■ **The task**
Give back only the line containing "From mathcomp Require Import all_boot" and every line after it through the end of the data below, transcribed exactly.

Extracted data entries

(* Let $\Sigma=(I,X,\mathcal U,\phi,Y,h)$ be a forward complete control system with outputs. Then the following statements are equivalent: (1) $\Sigma$ is IOS; (2) $\Sigma$ is OUAG, OCEP and BORS; (3) $\Sigma$ is OUAG, OULS and BORS; (4) $\Sigma$ is OUAG and OUGS; (5) $\Sigma$ is OCAG and OULS.
   Context: Let $I\in\{\mathbb N_0,\mathbb R_0^+\}$. A forward complete control system with outputs $\Sigma=(I,X,\mathcal U,\phi,Y,h)$ consists of: a normed space $(X,\|\cdot\|_X)$; a vector space $U$ and a normed linear subspace $(\mathcal U,\|\cdot\|_{\mathcal U})$ of $\{u:I\to U\}$ such that for all $u\in\mathcal U$ and $\tau\in I$, $u(\cdot+\tau)\in\mathcal U$ with $\|u(\cdot+\tau)\|_{\mathcal U}\le\|u\|_{\mathcal U}$, and for all $t_2\ge t_1\ge 0$ the function $u|_{[t_1,t_2]}$ (equal to $u$ on $[t_1,t_2]$ and $0$ elsewhere) lies in $\mathcal U$ with $\|u|_{[t_1,t_2]}\|_{\mathcal U}\le\|u\|_{\mathcal U}$; a map $\phi:I\times X\times\mathcal U\to X$ with $\phi(0,x,u)=x$, causality (if $u,\tilde u\in\mathcal U$ agree on $[0,t]$ then $\phi(t,x,u)=\phi(t,x,\tilde u)$), and cocycle property $\phi(t+s,x,u)=\phi(s,\phi(t,x,u),u(t+\cdot))$ for all $t,s\in I$; a normed space $(Y,\|\cdot\|_Y)$ and a map $h:X\times U\to Y$. Write $y(t,x,u)=h(\phi(t,x,u),u(t))$. $B_r=\{x\in X:\|x\|_X<r\}$, $B_{r,\mathcal U}=\{u\in\mathcal U:\|u\|_{\mathcal U}<r\}$. $\mathcal K$: continuous strictly increasing $\gamma:\mathbb R_0^+\to\mathbb R_0^+$ with $\gamma(0)=0$; $\mathcal K_\infty$: unbounded $\mathcal K$-functions; $\mathcal L$: continuous decreasing functions tending to $0$; $\mathcal{KL}$: $\beta$ with $\beta(\cdot,t)\in\mathcal K$ for all $t$ and $\beta(r,\cdot)\in\mathcal L$ for all $r>0$. All statements below quantify over $x\in X$, $u\in\mathcal U$, $t\in I$. IOS: $\exists\beta\in\mathcal{KL},\gamma\in\mathcal K_\infty$ with $\|y(t,x,u)\|_Y\le\beta(\|x\|_X,t)+\gamma(\|u\|_{\mathcal U})$ for all $x,u,t$. OCEP: for every $\tau\in I$ and $\varepsilon>0$ there is $\delta>0$ such that $t\le\tau$, $\|x\|_X\le\delta$, $\|u\|_{\mathcal U}\le\delta$ imply $\|y(t,x,u)\|_Y\le\varepsilon$. BORS: for all $C>0$, $\tau\in I$: $\sup\{\|y(t,x,u)\|_Y:\|x\|_X<C,\|u\|_{\mathcal U}<C,t<\tau\}<\infty$. OULS: $\exists r>0,\sigma,\gamma\in\mathcal K_\infty$ such that $\|y(t,x,u)\|_Y\le\sigma(\|x\|_X)+\gamma(\|u\|_{\mathcal U})$ for all $x\in B_r,u\in B_{r,\mathcal U},t\in I$. OUGS: $\exists\sigma,\gamma\in\mathcal K_\infty$ with the same inequality for all $x\in X,u\in\mathcal U,t\in I$. OUAG: $\exists\gamma\in\mathcal K_\infty$ such that for all $\varepsilon,r,s>0$ there is $\tau\in I$ with $\|y(t,x,u)\|_Y\le\varepsilon+\gamma(\|u\|_{\mathcal U})$ for all $x\in B_r$, $u\in B_{s,\mathcal U}$, $t\ge\tau$. OCAG: $\exists\beta\in\mathcal{KL},\gamma\in\mathcal K_\infty,c\ge0$ with $\|y(t,x,u)\|_Y\le\beta(\|x\|_X+c,t)+\gamma(\|u\|_{\mathcal U})$ for all $x,u,t$. *)

From HB Require Import structures.
From mathcomp Require Import all_boot all_order all_algebra.
From mathcomp Require Import all_classical all_reals all_analysis.
Set Implicit Arguments. Unset Strict Implicit. Unset Printing Implicit Defensive.
Import Order.TTheory GRing.Theory Num.Theory.
Import numFieldNormedType.Exports.
Local Open Scope classical_set_scope.
Local Open Scope ring_scope.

■ **Response area**
From mathcomp Require Import all_boot all_order all_algebra.
From mathcomp Require Import all_classical all_reals all_analysis.
Set Implicit Arguments. Unset Strict Implicit. Unset Printing Implicit Defensive.
Import Order.TTheory GRing.Theory Num.Theory.
Import numFieldNormedType.Exports.
Local Open Scope classical_set_scope.
Local Open Scope ring_scope.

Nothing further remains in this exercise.